I sneer and my voice grinds, beyond my control. "But you know what was really nice, Kakashi?"

Seeing as I'm obviously waiting for him to reply, he shakes his head mutely, eyes wide. his mounting shame strain against my empathic fibre. It sounds like chalk ripping against a blackboard.

"These are one time outliners. I especially loved the routine. The everyday condescension, the constant dismissal, the clear disdain for my potential. I understood nothing about your teaching methods so obviously, it meant I was a lost cause and in turn, you didn't have to bother with my requests. You didn't have to bother with me. Why would you ever teach the less capable orphan a cool jutsu when he'd naturally not get it, am I right? He'd only ever be good for the basics. You have no idea how I fucking hate that word." I frown and take a deep breath in an effort to appease the white-hot fury boiling in my chest.

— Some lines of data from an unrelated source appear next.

(* Let $\mu,\varepsilon,\nu,\Omega,\omega$ be real or complex parameters with $\mu\neq 0$ and $\nu\notin\{0,-1,-2,\dots\}$, and consider the grand confluent hypergeometric (GCH) equation $$x\,y''(x)+\left(\mu x^2+\varepsilon x+\nu\right)y'(x)+\left(\Omega x+\varepsilon\omega\right)y(x)=0 .$$ Put $\gamma=\tfrac12(1+\nu)$, $a=\frac{\Omega}{2\mu}$, $\tilde\varepsilon=-\tfrac12\varepsilon x$ and $z=-\tfrac12\mu x^2$, and assume $\gamma-a$ is not a nonpositive integer. Then the function $$ \begin{aligned} y(x)=QW\Big(\omega,\gamma;\tilde\varepsilon;z\Big)=\frac{\Gamma(\gamma-a)}{\Gamma(\gamma)}\Bigg\{&\sum_{i_0=0}^{\infty}\frac{(a)_{i_0}}{(1)_{i_0}(\gamma)_{i_0}}z^{i_0}\\ &+\Bigg\{\sum_{i_0=0}^{\infty}\frac{(i_0+\frac{\omega}{2})}{(i_0+\frac12)(i_0-\frac12+\gamma)}\frac{(a)_{i_0}}{(1)_{i_0}(\gamma)_{i_0}}\sum_{i_1=i_0}^{\infty}\frac{(a+\frac12)_{i_1}(\frac32)_{i_0}(\gamma+\frac12)_{i_0}}{(a+\frac12)_{i_0}(\frac32)_{i_1}(\gamma+\frac12)_{i_1}}z^{i_1}\Bigg\}\tilde\varepsilon\\ &+\sum_{n=2}^{\infty}\Bigg\{\sum_{i_0=0}^{\infty}\frac{(i_0+\frac{\omega}{2})}{(i_0+\frac12)(i_0-\frac12+\gamma)}\frac{(a)_{i_0}}{(1)_{i_0}(\gamma)_{i_0}}\\ &\quad\times\prod_{k=1}^{n-1}\Bigg\{\sum_{i_k=i_{k-1}}^{\infty}\frac{(i_k+\frac{\omega}{2}+\frac{k}{2})}{(i_k+\frac12+\frac k2)(i_k-\frac12+\gamma+\frac k2)}\frac{(a+\frac k2)_{i_k}(1+\frac k2)_{i_{k-1}}(\frac k2+\gamma)_{i_{k-1}}}{(a+\frac k2)_{i_{k-1}}(1+\frac k2)_{i_k}(\frac k2+\gamma)_{i_k}}\Bigg\}\\ &\quad\times\sum_{i_n=i_{n-1}}^{\infty}\frac{(a+\frac n2)_{i_n}(1+\frac n2)_{i_{n-1}}(\frac n2+\gamma)_{i_{n-1}}}{(a+\frac n2)_{i_{n-1}}(1+\frac n2)_{i_n}(\frac n2+\gamma)_{i_n}}z^{i_n}\Bigg\}\tilde\varepsilon^{\,n}\Bigg\} \end{aligned} $$ is the power series expansion about $x=0$ of a solution (the solution of the first kind, corresponding to the indicial root $\lambda=0$) of the GCH equation.
   Context: $(x)_n=\Gamma(x+n)/\Gamma(x)$ denotes the Pochhammer symbol (rising factorial), and for integers $m\ge n\ge 0$ a quotient $(b)_m/(b)_n$ is understood as $\prod_{j=n}^{m-1}(b+j)$. In the term with index $n\ge 2$, the product over $k=1,\dots,n-1$ denotes nested summation: the sum over $i_k$ runs from $i_{k-1}$ to $\infty$, with $i_{k-1}$ the summation index of the previous level, and the innermost sum over $i_n$ runs from $i_{n-1}$ to $\infty$. *)

From Stdlib Require Import Reals Factorial ClassicalEpsilon.
From Coquelicot Require Import Coquelicot.
Open Scope C_scope.

Definition natC (n : nat) : C := RtoC (INR n).

Fixpoint prod_from (f : nat -> C) (p n : nat) : C :=
  match n with
  | O => 1
  | S n' => f p * prod_from f (S p) n'
  end.

Definition poch (x : C) (n : nat) : C := prod_from (fun j => x + natC j) 0 n.

(* For p <= q, quotient (x)_q / (x)_p understood as prod_{j=p}^{q-1} (x+j) *)
Definition poch_quot (x : C) (q p : nat) : C :=
  prod_from (fun j => x + natC j) p (q - p)%nat.

Definition cpow_pos (t : R) (s : C) : C :=
  (exp (Re s * ln t) * cos (Im s * ln t), exp (Re s * ln t) * sin (Im s * ln t))%R.

(* Euler's Gamma function on C (Gauss' product formula):
   Gamma(s) = lim_{n -> oo} n! n^s / (s (s+1) ... (s+n)),
   for s not a nonpositive integer. *)
Definition Gauss_seq (s : C) (n : nat) : C :=
  natC (fact n) * cpow_pos (INR n) s / poch s (S n).

Definition CGamma (s : C) : C :=
  epsilon (inhabits (RtoC 0))
    (fun L => filterlim (Gauss_seq s) eventually (locally L)).

Section QW.
Variables (omega gam a : C).

Definition half (k : nat) : C := natC k / 2.

Definition A0 (i : nat) : C :=
  (natC i + omega / 2) / ((natC i + / 2) * (natC i - / 2 + gam))
  * (poch a i / (poch 1 i * poch gam i)).

Definition B0 (i : nat) : C := poch a i / (poch 1 i * poch gam i).

Definition Wk (k i : nat) : C :=
  (natC i + omega / 2 + half k)
  / ((natC i + / 2 + half k) * (natC i - / 2 + gam + half k)).

Definition Rk (k p q : nat) : C :=
  poch_quot (a + half k) q p
  / (poch_quot (1 + half k) q p * poch_quot (half k + gam) q p).

(* Nested summation: F n i = sum over 0 <= i_0 <= i_1 <= ... <= i_{n-1} = i of
   A0 i_0 * prod_{k=1}^{n-1} ( Wk k i_k * Rk k i_{k-1} i_k )   (n >= 1). *)
Fixpoint F (n : nat) (i : nat) : C :=
  match n with
  | O => 0
  | S O => A0 i
  | S (S _ as n') => sum_n (fun p => F n' p * Rk n' p i) i * Wk n' i
  end.

(* coefficient of z^j in the coefficient of eps~^n:
   n = 0 : B0 j ;  n >= 1 : sum_{i_{n-1} <= j} F n i_{n-1} * Rk n i_{n-1} j *)
Definition d (n j : nat) : C :=
  match n with
  | O => B0 j
  | S _ => sum_n (fun p => F n p * Rk n p j) j
  end.

End QW.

"No matter that he wanted to impress you and his teammates and hoped to help keep his team safe," I mumble.

His voice comes out raspy, shaking. "I-I never meant-"

"Yeah, Kakashi?" I bark a short laugh. It's mirthless. "You never meant? Of course, you never did! Well, you know what? It only makes it worse. Couldn't be arsed to deal with me. What is it, Kakashi? Do I open old wounds? Do I look too much like Namikaze? You didn't have the courage to really take me in and you didn't have the courage to let me go. Your negligence could have gotten me killed several times, given our mission history. What was it? You were counting on Kurama to patch all my booboos? Is that it?"

"No!"

"See, that's the danger of waiting for supposed comrades to look underneath the underneath. They just might frame and interpret your intentions in a way you never meant them. And when you finally come clean, it's too little too late because now the atmosphere is weighty with suspicion. Now the other party won't ever not wonder what you truly have in mind even when you're honest!"

Kakashi takes a step back and I realize I'm flaring my chakra. My power overwhelms the jounin. My emotions spill and slam against his and swallow them like a Mother Wave. My hand is balled into a fist. I unclench it.

"Breath," says Kurama soothingly. "Exert control. Do not hurt him in your anger. You'd regret it."

I follow my friend's advice.

"Naruto." Kakashi sounds so very sorry. Like porcelain shattering. I feel it, I feel him in all his putrescent sorrow and shame and guilt. His sentiments lash out, almost as dangerously sharp as Tomiko's. But I'm armoured against such things; I'm a sun bearing down on a mere planet.

"I don't hold grudges, Kakashi. I don't know what to do with them. You're forgiven. All the negative things I feel towards you, I now let them go. Which doesn't leave me with that much positivity to remember you by. You will seek me out if you wish to remediate that. You couldn't be my brother, you didn't want me as your student, you'll decide if being friends interests you. You will get out of your comfort zone. Or you won't."

I exhale. "Just remember, I won't beg."

Energy erupts around me and washes over my very being before it carries me away, faster than Kakashi could ever hope to follow much less match.


AN: After reviews telling me I should have shown the confrontation between Naruto and Kakashi, I decided to publish it, after a quick rework. Rightly, the reviewers pointed out that chapter 4 is a lot of "telling" instead of "showing". It was kind of intended. I wrote the confrontation between Naruto and Kakashi and removed it from the final version for a summary of their encounter because I feared Naruto would come off as "whiny". The scene merely needed to be modified a bit.

I'll eventually merge chapters 4 and 4.5 together.